Look through the listing below and write out exactly the lines from the line with "Lemma coneZl k" to the line with "- by apply: cone_eq (coneZ", both included, and no others.

-- EXTRACTED ENTRIES follows --

(* Let $(J,R,\sigma)$ be a generalized complex structure of type $1$ on a real $4$-dimensional Lie algebra $\mathfrak g$, with pure spinor $\rho=(\theta+iJ^*\theta)+(i-\lambda)\omega\wedge(\theta+iJ^*\theta)$ as described in the context. Then $d\rho=0$ (the structure is Calabi–Yau) if and only if $[\mathfrak g,\mathfrak g]\subset\operatorname{Im}R$.
   Context: Let $\mathfrak g$ be a real finite-dimensional Lie algebra, $\Phi(\mathfrak g)=\mathfrak g\oplus\mathfrak g^*$ with the neutral pairing $\langle u+\alpha,v+\beta\rangle=\tfrac12(\alpha(v)+\beta(u))$ and the bracket $[u+\alpha,v+\beta]=[u,v]+\mathrm{ad}_u^t\beta-\mathrm{ad}_v^t\alpha$, where $(\mathrm{ad}_u^t\alpha)(v)=-\alpha([u,v])$. A generalized complex structure on $\mathfrak g$ is an endomorphism $K$ of $\Phi(\mathfrak g)$ with $K^2=-\mathrm{Id}$, $\langle Ka,b\rangle+\langle a,Kb\rangle=0$ for all $a,b$, and vanishing Nijenhuis torsion $N_K(a,b)=[Ka,Kb]-K[Ka,b]-K[a,Kb]+K^2[a,b]$. Writing $K=\begin{pmatrix}J&R\\ \sigma&-J^*\end{pmatrix}$ with $J\in\mathrm{End}(\mathfrak g)$ and skew-symmetric $R:\mathfrak g^*\to\mathfrak g$, $\sigma:\mathfrak g\to\mathfrak g^*$, the triple $(J,R,\sigma)$ is also called a generalized complex structure on $\mathfrak g$; in dimension 4 it is of type 1 if $\operatorname{rank}R=2$. For such a structure, with $\mathfrak h=\operatorname{Im}R$, $\mathfrak p=\ker\sigma$, one has $\mathfrak g=\mathfrak h\oplus\mathfrak p$ and $J|_{\mathfrak h}=\lambda\mathrm{Id}$; $\omega\in\wedge^2\mathfrak g^*$ is defined by $\omega(R\xi_1,R\xi_2)=\xi_1(R\xi_2)$ and $i_X\omega=0$ for $X\in\mathfrak p$; $\theta$ is a nonzero element of the annihilator $\mathfrak h^0$. $d$ denotes the Chevalley–Eilenberg differential on $\wedge^\bullet\mathfrak g^*\otimes\mathbb C$. *)

(* A real 4-dimensional Lie algebra is modelled on row
   vectors 'rV[R]_4 over an arbitrary real closed field R (this includes the
   real numbers); complex scalars are R[i] from mathcomp-real-closed. *)
From HB Require Import structures.
From mathcomp Require Import all_boot all_order all_algebra.
From mathcomp Require Import complex.
Set Implicit Arguments. Unset Strict Implicit. Unset Printing Implicit Defensive.
Import Order.TTheory GRing.Theory Num.Theory.
Local Open Scope ring_scope.
Local Open Scope complex_scope.
Lemma separate_fin (J : finType) (P Q : pred J) (F : J -> R) :
  (forall j k, P j -> Q k -> F j <= F k) ->
  exists u, (forall j, P j -> F j <= u) /\ (forall k, Q k -> u <= F k).
Proof.
move=> PQ; case: (pickP P) => [j0 Pj0 | noP].
  case: (arg_maxP F Pj0) => jm Pjm jm_max.
  by exists (F jm); split => // k Qk; apply: PQ.
case: (pickP Q) => [k0 Qk0 | noQ]; last by exists 0; split=> [j|k]; rewrite ?noP ?noQ.
case: (arg_minP F Qk0) => km Qkm km_min.
by exists (F km); split => // j Pj; apply: PQ.
Qed.

Inductive cone (J : finType) (A : J -> I -> R) (B : J -> R) : (I -> R) -> R -> Prop :=
| cone0 : cone A B (fun=> 0) 0
| coneZ j k : 0 <= k -> cone A B (fun i => k * A j i) (k * B j)
| coneD a1 b1 a2 b2 : cone A B a1 b1 -> cone A B a2 b2 ->
    cone A B (fun i => a1 i + a2 i) (b1 + b2).
Arguments cone0 {J A B}.
Arguments coneZ {J A B} j {k}.

Section Cone.
Variables (J : finType) (A : J -> I -> R) (B : J -> R).

Lemma cone_eq a b a' b' : cone A B a b -> a =1 a' -> b = b' -> cone A B a' b'.
Proof. by move=> + /funext <- <-. Qed.

Lemma coneZl k a b : 0 <= k -> cone A B a b -> cone A B (fun i => k * a i) (k * b).
Proof.
move=> k0; elim=> [|j k' k'0|a1 b1 a2 b2 _ IH1 _ IH2].
- by apply: cone_eq cone0 _ _ => [i|] /=; rewrite mulr0.
- by apply: cone_eq (coneZ j (mulr_ge0 k0 k'0)) _ _ => [i|] /=; rewrite mulrA.
- by apply: cone_eq (coneD IH1 IH2) _ _ => [i|] /=; rewrite mulrDr.
Qed.

Lemma cone_trans (J' : finType) (A' : J' -> I -> R) (B' : J' -> R) a b :
  (forall j', cone A B (A' j') (B' j')) -> cone A' B' a b -> cone A B a b.
Proof.
move=> sub; elim=> [|j' k k0|a1 b1 a2 b2 _ IH1 _ IH2].
- exact: cone0.
- exact: coneZl.
- exact: coneD.
Qed.

Lemma cone_coef a b : cone A B a b ->
  exists mu : J -> R, [/\ forall j, 0 <= mu j,
    forall i, a i = \sum_j mu j * A j i & b = \sum_j mu j * B j].
Proof.
elim=> [|j k k0|a1 b1 a2 b2 _ [mu1 [mu1_ge0 a1E b1E]] _ [mu2 [mu2_ge0 a2E b2E]]].
- by exists (fun=> 0); split=> [//|i|]; rewrite big1 // => j _; rewrite mul0r.
- exists (fun j' => (j == j')%:R * k); split=> [j'|i|]; first exact: mulr_ge0.
    by under eq_bigr do rewrite -mulrA; rewrite sum_delta.
  by under eq_bigr do rewrite -mulrA; rewrite sum_delta.
- exists (fun j => mu1 j + mu2 j); split=> [j|i|]; first exact: addr_ge0.
    by rewrite a1E a2E -big_split; apply: eq_bigr => j _; rewrite mulrDl.
  by rewrite b1E b2E -big_split; apply: eq_bigr => j _; rewrite mulrDl.
Qed.

End Cone.

Section Elimination.
Variables (J : finType) (A : J -> I -> R) (B : J -> R) (i0 : I).

(* One Fourier-Motzkin step on the variable i0: rows with a zero i0-coefficient
   are kept, each pair of rows with coefficients of opposite signs is combined
   to cancel it, and the indicator factors turn every other row into 0 <= 0. *)
Definition elim_pair (p q : J) : bool := (0 < A p i0) && (A q i0 < 0).

Definition elimA (j : J + J * J) : I -> R :=
  match j with
  | inl j => fun i => (A j i0 == 0)%:R * A j i
  | inr (p, q) => fun i => (elim_pair p q)%:R * (A p i0 * A q i - A q i0 * A p i)
  end.

Definition elimB (j : J + J * J) : R :=
  match j with
  | inl j => (A j i0 == 0)%:R * B j
  | inr (p, q) => (elim_pair p q)%:R * (A p i0 * B q - A q i0 * B p)
  end.

Lemma elimA_supp (E : {set I}) :
  (forall j i, i \notin E -> A j i = 0) ->
  forall j i, i \notin E :\ i0 -> elimA j i = 0.
Proof.
move=> suppA j i; rewrite in_setD1 negb_and negbK => /orP [/eqP ->|iE].
  case: j => [j|[p q]] /=; last by rewrite [A p i0 * _]mulrC subrr mulr0.
  by case: eqP => [->|_]; rewrite ?mulr0 ?mul0r.
by case: j => [j|[p q]] /=; rewrite !(suppA _ i) // !mulr0 ?subrr ?mulr0.
Qed.

Lemma elim_cone j : cone A B (elimA j) (elimB j).
Proof.
case: j => [j|[p q]] /=; first exact: coneZ (ler0n _ _).
case: (boolP (elim_pair p q)) => [/andP [Ap Aq]|_]; last first.
  by apply: cone_eq cone0 _ _ => [i|] /=; rewrite mul0r.
have Aq' : 0 <= - A q i0 by rewrite oppr_ge0 ltW.
apply: cone_eq (coneD (coneZ q (ltW Ap)) (coneZ p Aq')) _ _ => [i|] /=; ring.
Qed.

Lemma fdot_elim_pair p q y : fdot (elimA (inr (p, q))) y =
  (elim_pair p q)%:R * (A p i0 * fdot (A q) y - A q i0 * fdot (A p) y).
Proof.
rewrite /fdot !mulr_sumr -sumrB mulr_sumr; apply: eq_bigr => i _ /=; ring.
Qed.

-- EXTRACTED ENTRIES concluded --

> [SOLUTION TO THIS EXERCISE]
Lemma coneZl k a b : 0 <= k -> cone A B a b -> cone A B (fun i => k * a i) (k * b).
Proof.
move=> k0; elim=> [|j k' k'0|a1 b1 a2 b2 _ IH1 _ IH2].
- by apply: cone_eq cone0 _ _ => [i|] /=; rewrite mulr0.
- by apply: cone_eq (coneZ j (mulr_ge0 k0 k'0)) _ _ => [i|] /=; rewrite mulrA.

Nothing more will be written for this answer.